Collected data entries
BEGIN

Lemma is_cvg_fseries a (x : R) : `|x| < 4^-1 -> cvgn (pseries (fcoef R a) x).
Proof.
by move=> hx; apply: (is_cvg_pseries_exp_poly_bounded _ (exp_poly_bounded_fcoef a)); lra.
Qed.

Lemma is_cvg_dfseries a (x : R) : `|x| < 4^-1 ->
  cvgn (pseries (pseries_diffs (fcoef R a)) x).
Proof.
have bounded := exp_poly_bounded_diffs (ler0n R 4) (exp_poly_bounded_fcoef a).
by move=> hx; apply: (is_cvg_pseries_exp_poly_bounded _ bounded); lra.
Qed.

Lemma is_derive_fseries a (x : R) : `|x| < 4^-1 ->
  is_derive x (1 : R) (fseries a) (dfseries a x).
Proof.
by move=> hx; apply: (is_derive_pseries_exp_poly_bounded _ (exp_poly_bounded_fcoef a)); lra.
Qed.

Lemma mul_dfseries a (x : R) : `|x| < 4^-1 -> x * dfseries a x = fseries a.+1 x.
Proof.
move=> hx.
have shift n : pseries (fcoef R a.+1) x n.+1 =
               x * pseries (pseries_diffs (fcoef R a)) x n.
  rewrite /pseries /series /= big_nat_recl // mulr_sumr /= mul0r add0r.
  by apply: eq_bigr => k _; rewrite pseries_diffs_fcoef /= [x ^+ k.+1]exprS mulrCA.
have : pseries (fcoef R a.+1) x @ \oo --> x * dfseries a x.
  rewrite -cvg_shiftS (_ : [sequence _]_n = fun n => x * pseries (pseries_diffs (fcoef R a)) x n).
    by apply: cvgM; [exact: cvg_cst | exact: is_cvg_dfseries].
  by apply/funext => n; exact: shift.
by move=> L; rewrite /fseries (cvg_lim _ L).
Qed.

Lemma fseries_at0 a : fseries a 0 = 0.
Proof.
rewrite /fseries (_ : pseries _ _ = cst 0) ?lim_cst //.
apply/funext => n; rewrite /pseries /series /=; apply: big1 => -[|k] _ //=.
  by rewrite mul0r.
by rewrite expr0n mulr0.
Qed.

Lemma fcoef_rec m : fcoef R 1 m.+2 - 4 * fcoef R 1 m.+1 = 2 * fcoef R 0 m.+1.
Proof.
have rec : m.+2%:R * ('C(m.+2.*2, m.+2))%:R
            = (4 * m.+1%:R + 2) * ('C(m.+1.*2, m.+1))%:R :> R.
  rewrite -!natrM mul_bin_double_rec natrM; congr (_ * _).
  by rewrite -!muln2 natrM -addn1 natrD natrM; ring.
by rewrite /fcoef !expr1 !expr0 !mulr1 mulrC rec; ring.
Qed.

Lemma fseries_ode_partial (x : R) n :
  pseries (pseries_diffs (fcoef R 0)) x n.+1
    - 4 * x * pseries (pseries_diffs (fcoef R 0)) x n
  = 2 + 2 * pseries (fcoef R 0) x n.+1.
Proof.
rewrite pseries_diffs_fcoef /pseries /series /=.
elim: n => [|n IH].
  by rewrite !big_nat1 big_nil /fcoef /= (_ : 'C(1.*2, 1) = 2%N) // expr0; ring.
rewrite big_nat_recr //= [X in _ - 4 * x * X]big_nat_recr //= [in RHS]big_nat_recr //=.
have := fcoef_rec n; rewrite exprS; move: IH; nra.
Qed.
(* Let $n\ge 3$, $k\ge 1$ and $p\in\{0,1,2\}$. Then \[ \Gamma_{\rm S}(C_n,C_{3k+p})= \begin{cases} kn, & p=0,\\ kn+\lceil n/3\rceil, & p=1,\\ (k+1)n, & p=2. \end{cases} \]
   Context: $C_m$ denotes the cycle on $m$ vertices; $\gamma$ denotes the domination number. For graphs $G,H$ and a function $f\colon V(G)\to V(H)$, the Sierpiński product $G\otimes_f H$ is the graph with vertex set $V(G)\times V(H)$ and edges of two types: (type 1) $(g,h)(g,h')$ for every $g\in V(G)$ and every edge $hh'\in E(H)$; (type 2) $(g,f(g'))(g',f(g))$ for every edge $gg'\in E(G)$. The upper Sierpiński domination number is $\Gamma_{\rm S}(G,H)=\max_{f}\gamma(G\otimes_f H)$ over all functions $f\colon V(G)\to V(H)$. *)

From mathcomp Require Import all_boot.
Set Implicit Arguments. Unset Strict Implicit. Unset Printing Implicit Defensive.

(* Simple graphs are symmetric irreflexive relations on a finType. *)

(* The cycle C_m on vertex set 'I_m = {0,...,m-1}: i ~ j iff j = i+1 mod m
   or i = j+1 mod m (a simple cycle whenever m >= 3). *)
Definition cycle_rel (m : nat) : rel 'I_m :=
  fun i j => (val j == (val i).+1 %% m) || (val i == (val j).+1 %% m).

Arguments cycle_rel : clear implicits.

Definition sierp_rel (G H : finType) (eG : rel G) (eH : rel H) (f : G -> H)
  : rel (G * H) :=
  fun x y =>
    ((x.1 == y.1) && eH x.2 y.2)
    || [&& eG x.1 y.1, x.2 == f y.1 & y.2 == f x.1].

Definition dominating (T : finType) (e : rel T) (D : {set T}) : bool :=
  [forall x, (x \in D) || [exists y in D, e x y]].

Definition domination_number (T : finType) (e : rel T) : nat :=
  \big[minn/#|T|]_(D : {set T} | dominating e D) #|D|.

Definition upper_sierp_dom (G H : finType) (eG : rel G) (eH : rel H) : nat :=
  \max_(f : {ffun G -> H}) domination_number (sierp_rel eG eH f).

From mathcomp Require Import all_boot all_order zify.
Import Order.TTheory.
Set Implicit Arguments. Unset Strict Implicit. Unset Printing Implicit Defensive.

(* Upper bound, for any f: in the layer of g take the k vertices z + 2, z + 5, ...,
   z + 3k - 1 after z = f g; they dominate all of C_(3k+p) except z when p = 1
   and except z, z - 1 when p = 2.  For p = 2 add z.  For p = 1 choose
   ceil(n/3) centres in C_n; a centre's layer gets k + 1 vertices dominating it
   and containing the values of f at both neighbours, while a non-centre g with
   adjacent centre g' takes z = f g', so its missed vertex (g, f g') is joined by
   a bridge edge to (g', f g).  Lower bound, for a constant map f = c: bridge
   edges only join copies of c, so every layer alone dominates C_m minus c and
   has at least ceil((m - 1)/3) vertices.  When m = 3k + 1, a layer of size k
   misses (g, c), which then needs a neighbouring layer of size k + 1; these
   heavy layers dominate C_n. *)

Section Domination.
Variables (T : finType) (e : rel T).

Definition closed_nbh (S : {set T}) : {set T} :=
  [set x | (x \in S) || [exists y in S, e x y]].

Lemma mem_closed_nbh (S : {set T}) x y :
  y \in S -> (x == y) || e x y -> x \in closed_nbh S.
Proof.
move=> yS /orP [/eqP -> | exy]; rewrite inE ?yS //.
by apply/orP; right; apply/existsP; exists y; rewrite yS.
Qed.

Lemma closed_nbhS (S S' : {set T}) : S \subset S' -> closed_nbh S \subset closed_nbh S'.
Proof.
move=> /subsetP sSS'; apply/subsetP => x; rewrite !inE => /orP [/sSS' -> //|].
by case/existsP => y /andP [/sSS' yS' exy]; apply/orP; right; apply/existsP; exists y; rewrite yS'.
Qed.

Lemma dominatingP (D : {set T}) : reflect (forall x, x \in closed_nbh D) (dominating e D).
Proof.
apply: (iffP forallP) => domD x; first by rewrite inE domD.
by have := domD x; rewrite inE.
Qed.

Lemma domination_number_min (D : {set T}) : dominating e D -> domination_number e <= #|D|.
Proof. by move=> domD; rewrite /domination_number -minEnat -leEnat; exact: bigmin_le_cond. Qed.

Lemma domination_number_max t :
  (forall D, dominating e D -> t <= #|D|) -> t <= domination_number e.
Proof.
move=> tD; rewrite /domination_number -minEnat -leEnat.
apply/bigmin_geP; split=> [|D /tD //]; rewrite leEnat -cardsT; apply: tD.
by apply/dominatingP => x; apply: (mem_closed_nbh (y := x)); rewrite ?in_setT ?eqxx.
Qed.

End Domination.

Section SierpinskiLayers.
Variables (G H : finType) (eG : rel G) (eH : rel H).

Definition layer (D : {set G * H}) (g : G) : {set H} := [set h | (g, h) \in D].

Lemma card_layers (D : {set G * H}) : #|D| = \sum_g #|layer D g|.
Proof.
under eq_bigr do rewrite -sum1_card.
by rewrite pair_big_dep -sum1_card; apply: eq_bigl => -[g h]; rewrite inE.
Qed.

Lemma dominating_sierpP (f : G -> H) (D : {set G * H}) :
  reflect (forall g h, h \in closed_nbh eH (layer D g)
             \/ exists g', [/\ eG g g', h = f g' & f g \in layer D g'])
          (dominating (sierp_rel eG eH f) D).
Proof.
apply: (iffP forallP) => [domD g h | domD [g h]].
  case/orP: (domD (g, h)) => [gh | /existsP [[g' h'] /andP [g'h' /=]]].
    by left; rewrite !inE gh.
  rewrite /sierp_rel /= => /orP [/andP [/eqP gg' ehh'] | /and3P [egg' /eqP -> /eqP h'fg]].
    by left; apply: (mem_closed_nbh (y := h')); rewrite ?inE ?gg' ?g'h' ?ehh' ?orbT.
  by right; exists g'; rewrite inE -h'fg.
case: (domD g h) => [| [g' [egg' -> fg]]].
  rewrite inE => /orP [gh | /existsP [h' /andP [h'D ehh']]]; first by rewrite inE in gh; rewrite gh.
  rewrite inE in h'D.
  by apply/orP; right; apply/existsP; exists (g, h'); rewrite h'D /sierp_rel /= eqxx ehh'.
apply/orP; right; apply/existsP; exists (g', f g); rewrite inE in fg.
by rewrite fg /sierp_rel /= egg' !eqxx orbT.
Qed.
(* Let $\mathcal{Q}=\left(\frac{\lambda,\ \mu}{F}\right)$ be a generalized quaternion algebra and let $A,B\in\mathcal{Q}$ be invertible quaternions that do not commute. If $A,B$ is a matching pair (i.e. $\mathrm{tr}(A)=N(A)\neq 0$ and $A\cdot B=0$), then $A,B$ satisfy the fundamental equation $$A^{-1}B^{-1}AB-BA^{-1}B^{-1}A=B^{-1}AB-A.$$ If moreover $\mathcal{Q}$ is anisotropic, then conversely every pair of invertible, non-commuting $A,B\in\mathcal{Q}$ satisfying the fundamental equation is a matching pair; i.e. in the anisotropic case being a matching pair is necessary and sufficient.
   Context: $F$ is a field of characteristic not $2$, and $\lambda,\mu\in F$ are nonzero. The generalized quaternion algebra $\left(\frac{\lambda,\ \mu}{F}\right)$ is the $4$-dimensional associative $F$-algebra with basis $1,i,j,k$ and relations $i^2=\lambda$, $j^2=\mu$, $ij=-ji=k$. For $A=a_0+a_1i+a_2j+a_3k$ the conjugate is $\overline{A}=a_0-a_1i-a_2j-a_3k$, the norm is $N(A)=A\overline{A}=a_0^2-\lambda a_1^2-\mu a_2^2+\lambda\mu a_3^2\in F$, and the trace is $\mathrm{tr}(A)=A+\overline{A}=2a_0$. The bilinear form is $A\cdot B=\tfrac12(A\overline{B}+B\overline{A})=a_0b_0-\lambda a_1b_1-\mu a_2b_2+\lambda\mu a_3b_3$. A nonzero element $X$ is isotropic if $N(X)=0$; the algebra is anisotropic if it has no isotropic elements. A quaternion $A$ is balanced if $\mathrm{tr}(A)=N(A)\neq 0$; a pair of invertible non-commuting quaternions $A,B$ is a matching pair if $A$ is balanced and $A\cdot B=0$. *)

From HB Require Import structures.
From mathcomp Require Import all_boot all_order all_algebra.
Set Implicit Arguments. Unset Strict Implicit. Unset Printing Implicit Defensive.
Import GRing.Theory.
Local Open Scope ring_scope.

(* a0 + a1 i + a2 j + a3 k *)
Record quat (F : Type) := Quat { q0 : F; q1 : F; q2 : F; q3 : F }.

Section Quaternions.
Variables (F : fieldType) (l m : F).

Definition qzero : quat F := Quat 0 0 0 0.
Definition qone : quat F := Quat 1 0 0 0.

Definition qadd (A B : quat F) : quat F :=
  Quat (q0 A + q0 B) (q1 A + q1 B) (q2 A + q2 B) (q3 A + q3 B).
Definition qopp (A : quat F) : quat F := Quat (- q0 A) (- q1 A) (- q2 A) (- q3 A).
Definition qsub (A B : quat F) : quat F := qadd A (qopp B).
Definition qscale (c : F) (A : quat F) : quat F :=
  Quat (c * q0 A) (c * q1 A) (c * q2 A) (c * q3 A).

(* multiplication from i^2 = l, j^2 = m, ij = -ji = k *)
Definition qmul (A B : quat F) : quat F :=
  Quat (q0 A * q0 B + l * q1 A * q1 B + m * q2 A * q2 B - l * m * q3 A * q3 B)
       (q0 A * q1 B + q1 A * q0 B - m * q2 A * q3 B + m * q3 A * q2 B)
       (q0 A * q2 B + q2 A * q0 B + l * q1 A * q3 B - l * q3 A * q1 B)
       (q0 A * q3 B + q3 A * q0 B + q1 A * q2 B - q2 A * q1 B).

Definition qconj (A : quat F) : quat F := Quat (q0 A) (- q1 A) (- q2 A) (- q3 A).

Definition qnorm (A : quat F) : F :=
  q0 A ^+ 2 - l * q1 A ^+ 2 - m * q2 A ^+ 2 + l * m * q3 A ^+ 2.

Definition qtrace (A : quat F) : F := 2%:R * q0 A.

Definition qdot (A B : quat F) : F :=
  q0 A * q0 B - l * q1 A * q1 B - m * q2 A * q2 B + l * m * q3 A * q3 B.

Definition qinvertible (A : quat F) : Prop :=
  exists C, qmul A C = qone /\ qmul C A = qone.

Definition qinv (A : quat F) : quat F := qscale (qnorm A)^-1 (qconj A).

Definition qcommute (A B : quat F) : Prop := qmul A B = qmul B A.

Definition isotropic (X : quat F) : Prop := X <> qzero /\ qnorm X = 0.
Definition anisotropic : Prop := forall X, ~ isotropic X.

Definition balanced (A : quat F) : Prop := qtrace A = qnorm A /\ qnorm A <> 0.

Definition matching_pair (A B : quat F) : Prop :=
  [/\ qinvertible A, qinvertible B, ~ qcommute A B, balanced A & qdot A B = 0].

Definition fundamental_eq (A B : quat F) : Prop :=
  qsub (qmul (qmul (qmul (qinv A) (qinv B)) A) B)
       (qmul (qmul (qmul B (qinv A)) (qinv B)) A)
  = qsub (qmul (qmul (qinv B) A) B) A.

End Quaternions.

(** Write N for the norm, ¯ for conjugation and D = AB - BA.  Clearing the
    denominators N(A), N(B) of the inverses turns the defect of the fundamental
    equation into a product:
      N(A) N(B) (lhs - rhs) = ((tr A - N A) B̄ - 2 (A·B)) D.
    For a matching pair the left factor vanishes.  In the anisotropic case the
    norm is multiplicative and has no nontrivial zeros, so there are no zero
    divisors; D ≠ 0 because A, B do not commute, hence the left factor vanishes.
    If tr A ≠ N A this forces B to be a scalar, which commutes with A; so
    tr A = N A, and the scalar part of the left factor then gives A·B = 0. *)
From mathcomp Require Import all_boot all_order all_algebra.
From mathcomp Require Import ring.
Set Implicit Arguments. Unset Strict Implicit.
Import GRing.Theory.
Local Open Scope ring_scope.

Ltac qunfold := cbv [qmul qsub qadd qopp qscale qconj qzero qone q0 q1 q2 q3].

Section QuaternionAlgebra.
Variables (F : fieldType) (l m : F).

Local Notation qmul := (qmul l m).
Local Notation qnorm := (qnorm l m).
Local Notation qdot := (qdot l m).
Local Notation qinv := (qinv l m).

Lemma qnormM (A B : quat F) : qnorm (qmul A B) = qnorm A * qnorm B.
Proof. by case: A B => [a0 a1 a2 a3] [b0 b1 b2 b3]; rewrite /qnorm; qunfold; ring. Qed.

Lemma qnorm0 : qnorm (qzero F) = 0.
Proof. by rewrite /qnorm; qunfold; ring. Qed.

Lemma qnorm1 : qnorm (qone F) = 1.
Proof. by rewrite /qnorm; qunfold; ring. Qed.

Lemma qinvertible_norm_neq0 (A : quat F) : qinvertible l m A -> qnorm A != 0.
Proof.
case=> C [AC1 _]; apply/eqP => NA0.
by move: (qnormM A C); rewrite AC1 NA0 mul0r qnorm1; apply/eqP; rewrite oner_eq0.
Qed.

Lemma qmulZl c (X Y : quat F) : qmul (qscale c X) Y = qscale c (qmul X Y).
Proof. by case: X Y => [? ? ? ?] [? ? ? ?]; qunfold; congr Quat; ring. Qed.

Lemma qmulZr c (X Y : quat F) : qmul X (qscale c Y) = qscale c (qmul X Y).
Proof. by case: X Y => [? ? ? ?] [? ? ? ?]; qunfold; congr Quat; ring. Qed.

Lemma qscaleA c d (X : quat F) : qscale c (qscale d X) = qscale (c * d) X.
Proof. by case: X => ? ? ? ?; qunfold; congr Quat; ring. Qed.

Lemma qmul0l (X : quat F) : qmul (qzero F) X = qzero F.
Proof. by case: X => ? ? ? ?; qunfold; congr Quat; ring. Qed.

Lemma qsubrr (X : quat F) : qsub X X = qzero F.
Proof. by case: X => ? ? ? ?; qunfold; congr Quat; ring. Qed.

Lemma qsub_eq0 (X Y : quat F) : (qsub X Y = qzero F) <-> X = Y.
Proof.
split; last by move->; exact: qsubrr.
case: X Y => [x0 x1 x2 x3] [y0 y1 y2 y3]; qunfold.
by case=> /eqP + /eqP + /eqP + /eqP; rewrite !subr_eq0 => /eqP-> /eqP-> /eqP-> /eqP->.
Qed.

Lemma qscale_eq0 c (X : quat F) : c != 0 -> qscale c X = qzero F -> X = qzero F.
Proof.
move=> c0; case: X => x0 x1 x2 x3; qunfold.
by case=> /eqP + /eqP + /eqP + /eqP; rewrite !mulf_eq0 (negbTE c0) => /eqP-> /eqP-> /eqP-> /eqP->.
Qed.

Lemma qzeroP (X : quat F) : X = qzero F \/ X <> qzero F.
Proof.
case: X => x0 x1 x2 x3.
have [/and4P[/eqP-> /eqP-> /eqP-> /eqP->]|nz] :=
  boolP [&& x0 == 0, x1 == 0, x2 == 0 & x3 == 0]; first by left.
by right; case=> e0 e1 e2 e3; move: nz; rewrite e0 e1 e2 e3 !eqxx.
Qed.

Definition qcommutator (A B : quat F) : quat F := qsub (qmul A B) (qmul B A).

Lemma qcommutator_eq0 (A B : quat F) : qcommutator A B = qzero F <-> qcommute l m A B.
Proof. exact: qsub_eq0. Qed.

Lemma scalar_qcommute (A : quat F) b : qcommute l m A (Quat b 0 0 0).
Proof. by case: A => ? ? ? ?; rewrite /qcommute; qunfold; congr Quat; ring. Qed.

Definition fundamental_defect (A B : quat F) : quat F :=
  qsub (qsub (qmul (qmul (qmul (qinv A) (qinv B)) A) B)
             (qmul (qmul (qmul B (qinv A)) (qinv B)) A))
       (qsub (qmul (qmul (qinv B) A) B) A).

Lemma fundamental_eqE (A B : quat F) :
  fundamental_eq l m A B <-> fundamental_defect A B = qzero F.
Proof. by rewrite /fundamental_defect qsub_eq0. Qed.

Definition matching_factor (A B : quat F) : quat F :=
  qsub (qscale (qtrace A - qnorm A) (qconj B)) (Quat (2%:R * qdot A B) 0 0 0).

Lemma matching_factor_conj_identity (A B : quat F) :
  qsub (qsub (qsub (qmul (qmul (qmul (qconj A) (qconj B)) A) B)
                   (qmul (qmul (qmul B (qconj A)) (qconj B)) A))
             (qscale (qnorm A) (qmul (qmul (qconj B) A) B)))
       (qscale (- (qnorm A * qnorm B)) A)
  = qmul (matching_factor A B) (qcommutator A B).
Proof.
case: A B => [a0 a1 a2 a3] [b0 b1 b2 b3].
by rewrite /matching_factor /qcommutator /qnorm /qtrace /qdot; qunfold; congr Quat; ring.
Qed.

Lemma fundamental_defect_factor (A B : quat F) : qnorm A != 0 -> qnorm B != 0 ->
  qscale (qnorm A * qnorm B) (fundamental_defect A B)
  = qmul (matching_factor A B) (qcommutator A B).
Proof.
move=> NA0 NB0; rewrite -matching_factor_conj_identity /fundamental_defect /qinv.
rewrite !(qmulZl, qmulZr, qscaleA).
(* only the scalars remain to be cancelled, so the products can be made opaque *)
move: (qmul _ _) (qmul (qmul _ _) _) (qmul (qmul _ _) _) NA0 NB0.
move: (qnorm A) (qnorm B) => a b [x0 x1 x2 x3] [y0 y1 y2 y3] [z0 z1 z2 z3] NA0 NB0.
by case: A => a0 a1 a2 a3; qunfold; congr Quat; field; rewrite NA0 NB0.
Qed.

Lemma fundamental_eq_factor (A B : quat F) : qnorm A != 0 -> qnorm B != 0 ->
  fundamental_eq l m A B <-> qmul (matching_factor A B) (qcommutator A B) = qzero F.
Proof.
move=> NA0 NB0; rewrite fundamental_eqE -fundamental_defect_factor //; split.
  by move->; qunfold; rewrite !mulr0.
by apply: qscale_eq0; rewrite mulf_neq0.
Qed.

Lemma matching_factor_balanced (A B : quat F) :
  qtrace A = qnorm A -> qdot A B = 0 -> matching_factor A B = qzero F.
Proof.
move=> trA dotAB; rewrite /matching_factor trA dotAB subrr.
by case: B {dotAB} => *; qunfold; congr Quat; ring.
Qed.

Lemma matching_factor_eq0 (A B : quat F) : (2%:R : F) != 0 -> ~ qcommute l m A B ->
  matching_factor A B = qzero F -> qtrace A = qnorm A /\ qdot A B = 0.
Proof.
move=> two0 ncAB; case: B ncAB => b0 b1 b2 b3 ncAB.
have [trA|trA] := eqVneq (qtrace A - qnorm A) 0.
  rewrite /matching_factor trA; qunfold; case=> /eqP.
  rewrite mul0r sub0r oppr_eq0 mulf_eq0 (negbTE two0) => /eqP dotAB.
  by split=> //; apply/eqP; rewrite -subr_eq0 trA.
(* a nonzero multiple of the conjugate of B is a scalar, so B is one *)
rewrite /matching_factor; qunfold; case=> _ /eqP + /eqP + /eqP.
rewrite !subr0 !mulf_eq0 !oppr_eq0 (negbTE trA) /= => /eqP b1_0 /eqP b2_0 /eqP b3_0.
by case: ncAB; rewrite b1_0 b2_0 b3_0; apply: scalar_qcommute.
Qed.

Section Anisotropic.
Hypothesis anisoF : anisotropic l m.

Lemma anisotropic_norm_eq0 (X : quat F) : qnorm X = 0 -> X = qzero F.
Proof. by move=> NX0; case: (qzeroP X) => // nzX; case: (anisoF (conj nzX NX0)). Qed.

Lemma anisotropic_mul_eq0 (X Y : quat F) :
  qmul X Y = qzero F -> X = qzero F \/ Y = qzero F.
Proof.
move=> /(congr1 qnorm); rewrite qnormM qnorm0 => /eqP.
by rewrite mulf_eq0 => /orP[] /eqP /anisotropic_norm_eq0; [left|right].
Qed.

End Anisotropic.

End QuaternionAlgebra.

Theorem theorem4p4 (F : fieldType) (l m : F)
  (hchar : (2%:R : F) != 0) (hl : l != 0) (hm : m != 0) :
  (forall A B : quat F,
     qinvertible l m A -> qinvertible l m B -> ~ qcommute l m A B ->
     matching_pair l m A B -> fundamental_eq l m A B) /\
  (anisotropic l m ->
   forall A B : quat F,
     qinvertible l m A -> qinvertible l m B -> ~ qcommute l m A B ->
     fundamental_eq l m A B -> matching_pair l m A B).
Proof.
split=> [A B invA invB _ [_ _ _ [trA _] dotAB] | anisoF A B invA invB ncAB].
  apply/fundamental_eq_factor; try exact: qinvertible_norm_neq0.
  by rewrite matching_factor_balanced // qmul0l.
move/fundamental_eq_factor => /(_ (qinvertible_norm_neq0 invA)).
move=> /(_ (qinvertible_norm_neq0 invB)) /(anisotropic_mul_eq0 anisoF).
rewrite qcommutator_eq0 => -[/(matching_factor_eq0 hchar ncAB)[trA dotAB] | //].
by split=> //; split=> //; apply/eqP; exact: qinvertible_norm_neq0.
Qed.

END

▶ Task to complete:
Going back to the entries above, set down exactly the lines that begin at the one with "(* a0 + a1 i + a2 j + a3 k *)" and end at the one with "N(A) N(B) (lhs", both included, and nothing else.

▶ Solved exercise:
(* a0 + a1 i + a2 j + a3 k *)
Record quat (F : Type) := Quat { q0 : F; q1 : F; q2 : F; q3 : F }.

Section Quaternions.
Variables (F : fieldType) (l m : F).

Definition qzero : quat F := Quat 0 0 0 0.
Definition qone : quat F := Quat 1 0 0 0.

Definition qadd (A B : quat F) : quat F :=
  Quat (q0 A + q0 B) (q1 A + q1 B) (q2 A + q2 B) (q3 A + q3 B).
Definition qopp (A : quat F) : quat F := Quat (- q0 A) (- q1 A) (- q2 A) (- q3 A).
Definition qsub (A B : quat F) : quat F := qadd A (qopp B).
Definition qscale (c : F) (A : quat F) : quat F :=
  Quat (c * q0 A) (c * q1 A) (c * q2 A) (c * q3 A).

(* multiplication from i^2 = l, j^2 = m, ij = -ji = k *)
Definition qmul (A B : quat F) : quat F :=
  Quat (q0 A * q0 B + l * q1 A * q1 B + m * q2 A * q2 B - l * m * q3 A * q3 B)
       (q0 A * q1 B + q1 A * q0 B - m * q2 A * q3 B + m * q3 A * q2 B)
       (q0 A * q2 B + q2 A * q0 B + l * q1 A * q3 B - l * q3 A * q1 B)
       (q0 A * q3 B + q3 A * q0 B + q1 A * q2 B - q2 A * q1 B).

Definition qconj (A : quat F) : quat F := Quat (q0 A) (- q1 A) (- q2 A) (- q3 A).

Definition qnorm (A : quat F) : F :=
  q0 A ^+ 2 - l * q1 A ^+ 2 - m * q2 A ^+ 2 + l * m * q3 A ^+ 2.

Definition qtrace (A : quat F) : F := 2%:R * q0 A.

Definition qdot (A B : quat F) : F :=
  q0 A * q0 B - l * q1 A * q1 B - m * q2 A * q2 B + l * m * q3 A * q3 B.

Definition qinvertible (A : quat F) : Prop :=
  exists C, qmul A C = qone /\ qmul C A = qone.

Definition qinv (A : quat F) : quat F := qscale (qnorm A)^-1 (qconj A).

Definition qcommute (A B : quat F) : Prop := qmul A B = qmul B A.

Definition isotropic (X : quat F) : Prop := X <> qzero /\ qnorm X = 0.
Definition anisotropic : Prop := forall X, ~ isotropic X.

Definition balanced (A : quat F) : Prop := qtrace A = qnorm A /\ qnorm A <> 0.

Definition matching_pair (A B : quat F) : Prop :=
  [/\ qinvertible A, qinvertible B, ~ qcommute A B, balanced A & qdot A B = 0].

Definition fundamental_eq (A B : quat F) : Prop :=
  qsub (qmul (qmul (qmul (qinv A) (qinv B)) A) B)
       (qmul (qmul (qmul B (qinv A)) (qinv B)) A)
  = qsub (qmul (qmul (qinv B) A) B) A.

End Quaternions.

(** Write N for the norm, ¯ for conjugation and D = AB - BA.  Clearing the
    denominators N(A), N(B) of the inverses turns the defect of the fundamental
    equation into a product:
      N(A) N(B) (lhs - rhs) = ((tr A - N A) B̄ - 2 (A·B)) D.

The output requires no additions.